Advisers are keen for product providers to move into equity release as they want to see competition. London & Country mortgage specialist David Hollingworth says: “We want the equity-release market to become more competitive as that would drive down rates.”

The market is dominated by Northern Rock and Norwich Union which hold about 90 per cent of the total.

But Key Retirement Solutions business development director Dean Mirfin says: “I can confirm that four new lenders will be entering the equity-release market by the end of the year.”

Norwich Union, which claims a share of 45 per cent, is keen to see further entrants. Spokesman Ian Beggs says: “We have felt for a while that having a market share of more than 40 per cent is unsustainable and is not going to last.”

Standard Life has already revealed its plans to enter the sector and Bradford & Bingley&#39s specialist lending arm Mortgage Express is planning a move.

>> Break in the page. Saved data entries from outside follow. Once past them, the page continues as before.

(* Fix $N\ge1$ and let $\mathbf{F}$ be either $\mathbf{F}^{\rm Midpt}$ or $\mathbf{F}^{\rm Mass}$ (defined in the context). Given an initial condition $\mathbf{b}_0\in\mathbb{C}^N$, there exists $\Delta t_1>0$ such that for any fixed $\Delta t\le\Delta t_1$ the scheme $\mathbf{b}_{n+1}=\mathbf{b}_n+\Delta t\,\mathbf{F}(\mathbf{b}_n,\mathbf{b}_{n+1})$ can always be solved: for every $n\ge0$, the iterate $\mathbf{b}_{n+1}$ exists.
   Context: For $\mathbf{b}_n,\mathbf{b}_{n+1}\in\mathbb{C}^N$ with components $b_{j,n},b_{j,n+1}$, set $b_{0,m}=b_{N+1,m}=0$ for $m\in\{n,n+1\}$, and define $b_{j,n+1/2}=\tfrac12(b_{j,n}+b_{j,n+1})$, $|b|^2_{j,n+1/2}=\tfrac12(|b_{j,n}|^2+|b_{j,n+1}|^2)$. For $j=1,\dots,N$: $F^{\rm Midpt}_j=-i|b_{j,n+1/2}|^2b_{j,n+1/2}+2i\,\overline{b_{j,n+1/2}}(b_{j-1,n+1/2}^2+b_{j+1,n+1/2}^2)$ (implicit midpoint); $F^{\rm Mass}_j=-i|b|^2_{j,n+1/2}b_{j,n+1/2}+2i\,\overline{b_{j,n+1/2}}(b_{j+1,n+1/2}^2+b_{j-1,n+1/2}^2)$ (modified midpoint). Both are discretizations of the toy model system $-i\dot b_j=-|b_j|^2b_j+2b_{j-1}^2\bar b_j+2b_{j+1}^2\bar b_j$, $b_0=b_{N+1}=0$, and both exactly conserve the mass $\sum_j|b_{j,n}|^2$; they are the ''mass preserving schemes''. *)

From HB Require Import structures.
From mathcomp Require Import all_boot all_order all_algebra.
From mathcomp Require Import complex.
From mathcomp Require Import reals.
Set Implicit Arguments. Unset Strict Implicit. Unset Printing Implicit Defensive.
Import Order.TTheory GRing.Theory Num.Theory.
Local Open Scope ring_scope.

Inductive scheme := Midpt | Mass.

Section Defs.
Variable R : realType.
Notation C := (R[i]).

(* a vector of C^N, components indexed 1..N via 'I_N (index j-1) *)
Definition cvec (N : nat) := 'I_N -> C.

(* component j (1-based) with boundary convention b_0 = b_{N+1} = 0 *)
Definition comp (N : nat) (b : cvec N) (j : nat) : C :=
  if (0 < j)%N then
    (if @insub nat (fun k => (k < N)%N) 'I_N j.-1 is Some i then b i else 0)
  else 0.

Definition Fj (s : scheme) (N : nat) (bn bn1 : cvec N) (j : nat) : C :=
  let h k := (comp bn k + comp bn1 k) / 2 in
  let sq := match s with
            | Midpt => `|h j| ^+ 2
            | Mass => (`|comp bn j| ^+ 2 + `|comp bn1 j| ^+ 2) / 2
            end in
  - 'i%C * sq * h j + 2 * 'i%C * ((h j)^*)%C * (h j.-1 ^+ 2 + h j.+1 ^+ 2).

Definition F (s : scheme) (N : nat) (bn bn1 : cvec N) : cvec N :=
  fun j => Fj s bn bn1 (j.+1).

Definition step (s : scheme) (N : nat) (dt : R) (bn bn1 : cvec N) : Prop :=
  forall j : 'I_N, bn1 j = bn j + (dt%:C)%C * F s bn bn1 j.

End Defs.

From Pilot Require Import Defs.
From HB Require Import structures.
From mathcomp Require Import all_boot all_order all_algebra.
From mathcomp Require Import complex classical_sets reals.
From mathcomp Require Import ring lra.
Import Order.TTheory GRing.Theory Num.Theory Normc Defs.

(* Both schemes conserve the discrete mass: pairing the step with the
   midpoint b_{n+1/2} turns the increment of |b_j|^2 into dt times a
   difference of bond currents, which telescopes thanks to b_0 = b_{N+1} = 0.
   Hence every iterate lies in the ball of radius r = 1 + mass(b_0).  On such
   a ball F is cubic, so for dt * 120 r^2 <= 1 the map x |-> b_n + dt F(b_n, x)
   sends the ball of radius 2r into itself and halves distances; its Picard
   iterates converge (componentwise, by completeness of R) to b_{n+1}.  The
   bound on dt depends on b_0 only, not on n. *)

Set Implicit Arguments.
Unset Strict Implicit.
Unset Printing Implicit Defensive.

Local Open Scope ring_scope.
Local Open Scope complex_scope.
(* With ring_scope open as well, a bare [x^*] or ['i] inside a product parses
   as [Num.conj] / [Num.imaginary]; hence the explicit [%C] below. *)

Section MassPreservingSchemes.
Variable R : realType.
Local Notation C := R[i].

Lemma normr_normc (z : C) : `|z| = (normc z : R)%:C.
Proof. by case: z => a b; rewrite normc_def. Qed.

Lemma normc_ge0 (z : C) : 0 <= normc z.
Proof. by case: z => a b; exact: sqrtr_ge0. Qed.

Lemma normc_conj (z : C) : normc z^*%C = normc z.
Proof. by case: z => a b /=; rewrite sqrrN. Qed.

Lemma normc_real (a : R) : normc a%:C = `|a|.
Proof. by rewrite /= expr0n addr0 sqrtr_sqr. Qed.

Lemma normc_i : normc 'i%C = 1 :> R.
Proof. by rewrite /= expr0n expr1n add0r sqrtr1. Qed.

Lemma normc_nat n : normc n%:R = n%:R :> R.
Proof.
have -> : n%:R = (n%:R : R)%:C :> C by rewrite rmorph_nat.
by rewrite normc_real ger0_norm.
Qed.

Lemma normcB (x y : C) : normc (x - y) <= normc x + normc y.
Proof. by rewrite -(normcN y); exact: le_normcD. Qed.

Lemma normc_distC (x y : C) : normc (x - y) = normc (y - x).
Proof. by rewrite -normcN opprB. Qed.

Lemma normc_ge_Re (z : C) : `|complex.Re z| <= normc z.
Proof. by case: z => a b /=; rewrite -sqrtr_sqr ler_wsqrtr // lerDl sqr_ge0. Qed.

Lemma normc_ge_Im (z : C) : `|complex.Im z| <= normc z.
Proof. by case: z => a b /=; rewrite -sqrtr_sqr ler_wsqrtr // lerDr sqr_ge0. Qed.

Lemma normc_le_ReIm (z : C) : normc z <= `|complex.Re z| + `|complex.Im z|.
Proof.
rewrite {1}[z]complexE; apply: le_trans (le_normcD _ _) _.
by rewrite normcM normc_i mul1r !normc_real.
Qed.

Lemma half_geometric (c : R) k : c / 2 ^+ k / 2 = c / 2 ^+ k.+1.
Proof. by rewrite exprSr invfM mulrA. Qed.

Lemma le0_geometric (x c : R) : (forall k, x <= c / 2 ^+ k) -> x <= 0.
Proof.
move=> x_le; rewrite leNgt; apply/negP => x_gt0.
have c_gt0 : 0 < c by apply: lt_le_trans x_gt0 _; have := x_le 0%N; rewrite expr0 divr1.
have [n c_lt] : exists n, c / x < n%:R.
  by exists (Num.Def.archi_bound (c / x)); apply: archi_boundP; rewrite divr_ge0 ?ltW.
have n_le : n%:R <= 2 ^+ n :> R by rewrite -natrX ler_nat ltnW // ltn_expl.
have := x_le n; rewrite ler_pdivlMr ?exprn_gt0 //.
move: c_lt; rewrite ltr_pdivrMr // => c_lt.
have : 0 <= x * (2 ^+ n - n%:R) by rewrite mulr_ge0 ?subr_ge0 // ltW.
lra.
Qed.

Lemma geometric_limitR (a : nat -> R) (c : R) :
  (forall k, `|a k.+1 - a k| <= c / 2 ^+ k) ->
  exists l, forall k, `|a k - l| <= 2 * c / 2 ^+ k.
Proof.
move=> da.
have twice k : 2 * c / 2 ^+ k.+1 = c / 2 ^+ k.
  by rewrite -half_geometric mulrC !mulrA mulVf ?mul1r // pnatr_eq0.
pose u k := a k - 2 * c / 2 ^+ k.
pose w k := a k + 2 * c / 2 ^+ k.
have uS k : u k <= u k.+1.
  by have := da k; rewrite ler_norml /u twice => /andP[]; lra.
have wS k : w k.+1 <= w k.
  by have := da k; rewrite ler_norml /w twice => /andP[]; lra.
have u_le_w k m : u k <= w m.
  have c_ge0 : 0 <= c by have := da 0%N; rewrite expr0 divr1; exact: le_trans.
  have u_le : {homo u : i j / (i <= j)%N >-> i <= j}.
    by apply: homo_leq; [exact: lexx | exact: le_trans | exact: uS].
  have w_ge : {homo w : i j / (i <= j)%N >-> j <= i}.
    apply: (homo_leq (r := fun x y => y <= x)); [exact: lexx | | exact: wS].
    by move=> y x z xy yz; exact: le_trans yz xy.
  apply: le_trans (u_le _ _ (leq_maxl k m)) _; apply: le_trans (w_ge _ _ (leq_maxr k m)).
  have : 0 <= 2 * c / 2 ^+ maxn k m by rewrite divr_ge0 ?exprn_ge0 ?mulr_ge0.
  rewrite /u /w; lra.
pose E : set R := fun x => exists k, x = u k.
exists (sup E) => k.
have u_le_sup : u k <= sup E.
  by apply: ub_le_sup; [exists (w 0%N) => _ [m ->] | exists k].
have sup_le_w : sup E <= w k.
  by apply: ge_sup; [exists (u 0%N), 0%N | move=> _ [m ->]].
by rewrite ler_norml; move: u_le_sup sup_le_w; rewrite /u /w => ? ?; apply/andP; split; lra.
Qed.

Lemma geometric_limitC (z : nat -> C) (c : R) :
  (forall k, normc (z k.+1 - z k) <= c / 2 ^+ k) ->
  exists l, forall k, normc (z k - l) <= 4 * c / 2 ^+ k.
Proof.
move=> dz.
have [lr lim_Re] : exists lr, forall k, `|complex.Re (z k) - lr| <= 2 * c / 2 ^+ k.
  by apply: geometric_limitR => k; rewrite -raddfB; exact: le_trans (normc_ge_Re _) (dz k).
have [li lim_Im] : exists li, forall k, `|complex.Im (z k) - li| <= 2 * c / 2 ^+ k.
  by apply: geometric_limitR => k; rewrite -raddfB; exact: le_trans (normc_ge_Im _) (dz k).
exists (lr +i* li) => k; apply: le_trans (normc_le_ReIm _) _.
rewrite !raddfB /=; have := lim_Re k; have := lim_Im k; lra.
Qed.

Section ContractionOnBalls.
Variable N : nat.
Implicit Types (x y : cvec R N) (r d : R).

Definition inball r x := forall j, normc (x j) <= r.
Definition close d x y := forall j, normc (x j - y j) <= d.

Mortgage Express head of business development Tim Sturley says: “At the moment, the equity-release market is pretty much dominated by NU and Northern Rock. We will be entering the market in the near future and I am sure that other niche product providers will too.”

Skipton Building Society has been tipped as a likely entrant along with Yorkshire Building Society but both say that while equity release is on the agenda, it will not happen in the near future.

Abbey National is running a pilot scheme through Key Retirement Solutions and selected branches. Scottish Widows recently signed a deal to become Saga&#39s sole equity-release provider.

It is generally felt that the equity-release market needs the entrance of HBOS or Nationwide to boost the all-around reputation of the sector. Jordan says: “If there is any stigma attached to equity release, then the more good quality companies that come on board the better.”

Prudential national mortgage manager John Malone says: “Lenders see this as a new development market, primarily because of the situation facing so many pensioners at the moment. So many people are finding they have a shortfall in their pension when they retire, so releasing equity from their property is one of the only ways to find an income.

“Another reason that equity release is growing is the shortfall in endowments. Together, these issues mean that more people are looking at equity release.”

At present, the equity-release products available are fairly standard. Boulger says: “The choice of equity-release products is limited, with the vast majority requiring you to take a lump sum.”

Hollingworth says: “I would like to see a flexible drawdown product being developed by lenders, which would enable consumers to take out money as and when they need it rather than being forced to take a lump sum.”

Malone has a good idea of what he would like to see. “The way forward will be a product built round a flexible mortgage that develops into an equity-release mortgage. So if a 50-year old cannot afford to pay back the interest on his mortgage, instead of moving into debt he can amortise the debt and get an equity-release mortgage with the same lender.”

Malone and others are keen to make it clear that the product is not suitable for everyone. Malone says: “This is very specialist and only for a limited group of people. It has to be sold properly as the group of people it does suit are vulnerable.”

Many in the industry are concerned about the Treasury&#39s failure to include home-reversion plans in its remit for mortgage regulation.

Action is being taken by the ABI, the CML and Ship, along with product providers such as Norwich Union and Britannic Retirement Solutions which are working towards voluntary regulation of home-reversion plans once FSA mortgage regulation starts next October.

It is expected that product providers which have been hesitant about equity release will make a move when mortgage regulation starts. Nationwide, in particular, has made it clear that it wants the FSA to lay down strong regulatory guidelines before it will bring out a product.

Mortgage Intelligence managing director Sally Laker says: “Equity release is the new hot potato. Once lenders are not risking their reputations by going into it we will see a big influx.”